The monoprint is an ideal vehicle for Emin’s project which, as far as I can tell, seems to be in the largest sense “The Tracey Emin Story” (exactly like that, quotes, caps and all). In other words, the cursory, smudged sketch set off again at one remove – the graphic equivalent of a quotation mark; the enigmatic/emblematic gesture reduced to a cipher. There’s little point, however, in any kind of analytic appraisal of the individual pieces or even an overall assessment of this particular show. Emin’s draughtsmanship has never been exactly anything to write home (or YOU, Reader) about; but that’s hardly her point (or maybe it is a point – but I doubt it). But the prints, drawings, embroidered pieces and paintings (there were also standing sculptures and works in neon, including the title piece, You Left Me Breathing) couldn’t carry the feather-weight of their titles. Emin overworked one title for both two- and three-dimensional work – “Trying to Find You” – and maybe it would have been a more appropriate title for the show. With Emin apparently unable to find “Emin,” in a variety of media and treatments, perhaps I shouldn’t have been surprised that the crowd at Gagosian wasn’t terribly interested in even bothering to look. An oppressively bourgeois-looking crowd saw no reason to interrupt their pre-strike deal-making (or just posturing) with art-viewing; and having looked it over myself with some thorouhgness, it seemed pointless to try persuading anyone to do otherwise. Looking at some of the embroideries and monoprints, I suddenly felt a spasm of nostalgia for . . . . Feiffer. As in Jules Feiffer – his electric, agile, choreo-graphic narratives of neuraesthenic, neur-athletic pondering, posturing, negotiating, temporizing, expostulating, exasperating, coping and convulsing through thousands of cartoon panels over the years. Sex, exploitation, disappointment, disillusionment – were just four of the hundreds of themes, moods, controversies, conditions he explored over the course of a career that is far from over – with breathtaking, precision and lethal wit.

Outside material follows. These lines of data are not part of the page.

(* Let $(e_i)_{i\in\omega}$ be a sequence of events equipped with the linear order $<_0$ ($e_i<_0 e_j$ iff $i<j$), predicates $\mathrm{Add},\mathrm{Rem},\mathrm{Cnt}$ and functions $\mathrm{val},\chi$ as described in the context, and let $\gamma$ be a function satisfying FS0, FS1 and FS2. Then for every event $x$ with $\mathrm{Op}^1(x)$ there is no event $y$ with $\mathrm{Op}^0(y)$ such that $\gamma(x)<_0 y<_0 x$ and $\mathrm{val}(x)=\mathrm{val}(y)$.
   Context: Setting: an infinite sequence of events $(e_i)_{i\in\omega}$, linearly ordered by $<_0$ where $e_i<_0e_j$ iff $i<j$. Three unary predicates $\mathrm{Add},\mathrm{Rem},\mathrm{Cnt}$ partition the events. Each event $a$ has a key $\mathrm{val}(a)\in\mathbb N$ and a status $\chi(a)\in\{0,1,f\}$, with $\chi(a)\in\{0,1\}$ whenever $\mathrm{Cnt}(a)$. Notation: for $p\in\{0,1,f\}$, $\mathrm{Add}^p(a)$ abbreviates $\mathrm{Add}(a)\wedge\chi(a)=p$, and $\mathrm{Rem}^p(a)$ similarly; $\mathrm{Cnt}^p(a)$ is defined similarly for $p\in\{0,1\}$; for $p\in\{0,1\}$, $\mathrm{Op}^p(a)$ abbreviates $(\mathrm{Add}(a)\vee\mathrm{Rem}(a)\vee\mathrm{Cnt}(a))\wedge\chi(a)=p$. Properties of a function $\gamma$: FS0: $<_0$ is a linear ordering of the events; $\mathrm{Add},\mathrm{Rem},\mathrm{Cnt}$ are pairwise disjoint; $\gamma$ is defined on the set of $\mathrm{Op}^1$ events and its values are $\mathrm{Add}^0$ events. FS1: for every event $a$ with $\mathrm{Op}^1(a)$: $\gamma(a)<_0 a$, $\mathrm{Add}^0(\gamma(a))$, $\mathrm{val}(a)=\mathrm{val}(\gamma(a))$, and there is no event $r$ with $\mathrm{Rem}^1(r)$, $\gamma(r)=\gamma(a)$ and $\gamma(a)<_0 r<_0 a$. FS2: for all events $a<_0 b$ with $\mathrm{Add}^0(a)$ and $\mathrm{Op}^0(b)$: if $\mathrm{val}(a)=\mathrm{val}(b)$ then there is an event $r$ with $a<_0 r<_0 b$, $\mathrm{Rem}^1(r)$ and $a=\gamma(r)$. *)

(* Events e_i are identified with their indices i : nat,
   so the order <_0 is the usual < on nat. *)
From Stdlib Require Import Arith.

Inductive status : Type := S0 | S1 | Sf.

Section Defs.
Variables (Add Rem Cnt : nat -> Prop) (val : nat -> nat) (chi : nat -> status).

Definition AddP (p : status) (a : nat) : Prop := Add a /\ chi a = p.
Definition RemP (p : status) (a : nat) : Prop := Rem a /\ chi a = p.
Definition CntP (p : status) (a : nat) : Prop := Cnt a /\ chi a = p.
Definition OpP (p : status) (a : nat) : Prop := (Add a \/ Rem a \/ Cnt a) /\ chi a = p.

Definition events_wf : Prop :=
  (forall a, Add a \/ Rem a \/ Cnt a) /\
  (forall a, ~ (Add a /\ Rem a)) /\ (forall a, ~ (Add a /\ Cnt a)) /\
  (forall a, ~ (Rem a /\ Cnt a)) /\
  (forall a, Cnt a -> chi a = S0 \/ chi a = S1).

(* gamma is a total function nat -> nat; only its values on Op^1 events matter. *)
Definition FS0 (gamma : nat -> nat) : Prop :=
  (forall a, ~ (Add a /\ Rem a)) /\ (forall a, ~ (Add a /\ Cnt a)) /\
  (forall a, ~ (Rem a /\ Cnt a)) /\
  (forall a, OpP S1 a -> AddP S0 (gamma a)).

Definition FS1 (gamma : nat -> nat) : Prop :=
  forall a, OpP S1 a ->
    gamma a < a /\ AddP S0 (gamma a) /\ val a = val (gamma a) /\
    ~ (exists r, RemP S1 r /\ gamma r = gamma a /\ gamma a < r /\ r < a).

Definition FS2 (gamma : nat -> nat) : Prop :=
  forall a b, a < b -> AddP S0 a -> OpP S0 b -> val a = val b ->
    exists r, a < r /\ r < b /\ RemP S1 r /\ a = gamma r.
End Defs.

From Stdlib Require Import Arith.

Lemma FS2_removal_between (Add Rem Cnt : nat -> Prop) (val : nat -> nat)
  (chi : nat -> status) (gamma : nat -> nat) :
  FS1 Add Rem Cnt val chi gamma -> FS2 Add Rem Cnt val chi gamma ->
  forall x y, OpP Add Rem Cnt chi S1 x -> OpP Add Rem Cnt chi S0 y ->
    gamma x < y -> val x = val y ->
    exists r, RemP Rem chi S1 r /\ gamma r = gamma x /\ gamma x < r /\ r < y.
Proof.
  intros HFS1 HFS2 x y Hx Hy Hxy Hval.
  destruct (HFS1 x Hx) as (_ & Hadd & Hval_gx & _).
  destruct (HFS2 (gamma x) y Hxy Hadd Hy (eq_trans (eq_sym Hval_gx) Hval))
    as (r & Hgr & Hry & Hrem & Hgamma).
  exists r; auto.
Qed.

Theorem lemma2p1 (Add Rem Cnt : nat -> Prop) (val : nat -> nat) (chi : nat -> status)
  (gamma : nat -> nat) :
  events_wf Add Rem Cnt chi ->
  FS0 Add Rem Cnt chi gamma -> FS1 Add Rem Cnt val chi gamma -> FS2 Add Rem Cnt val chi gamma ->
  forall x, OpP Add Rem Cnt chi S1 x ->
    ~ (exists y, OpP Add Rem Cnt chi S0 y /\ gamma x < y /\ y < x /\ val x = val y).
Proof.
  intros _ _ HFS1 HFS2 x Hx (y & Hy & Hxy & Hyx & Hval).
  destruct (FS2_removal_between _ _ _ _ _ _ HFS1 HFS2 x y Hx Hy Hxy Hval)
    as (r & Hrem & Hgamma & Hgr & Hry).
  destruct (HFS1 x Hx) as (_ & _ & _ & Hno_removal).
  apply Hno_removal.
  exists r.
  exact (conj Hrem (conj Hgamma (conj Hgr (Nat.lt_trans _ _ _ Hry Hyx)))).
Qed.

I have to reconsider Emin’s work – perhaps in its totality. I’m not being fair to the work right now. But there really isn’t a lot here for me to work with. You Left Me Breathing didn’t leave me laughing, thinking, gagging, or …. (Well I guess I’m still alive.) It didn’t leave me because it never arrived. Needless to say I got tired of waiting and soon left – for Fette’s Gallery (more on that in a minute) – but not before finally spotting Emin in the crowd – with someone who looked vaguely like Orlando Bloom. They blended in well with the Gagosian crowd.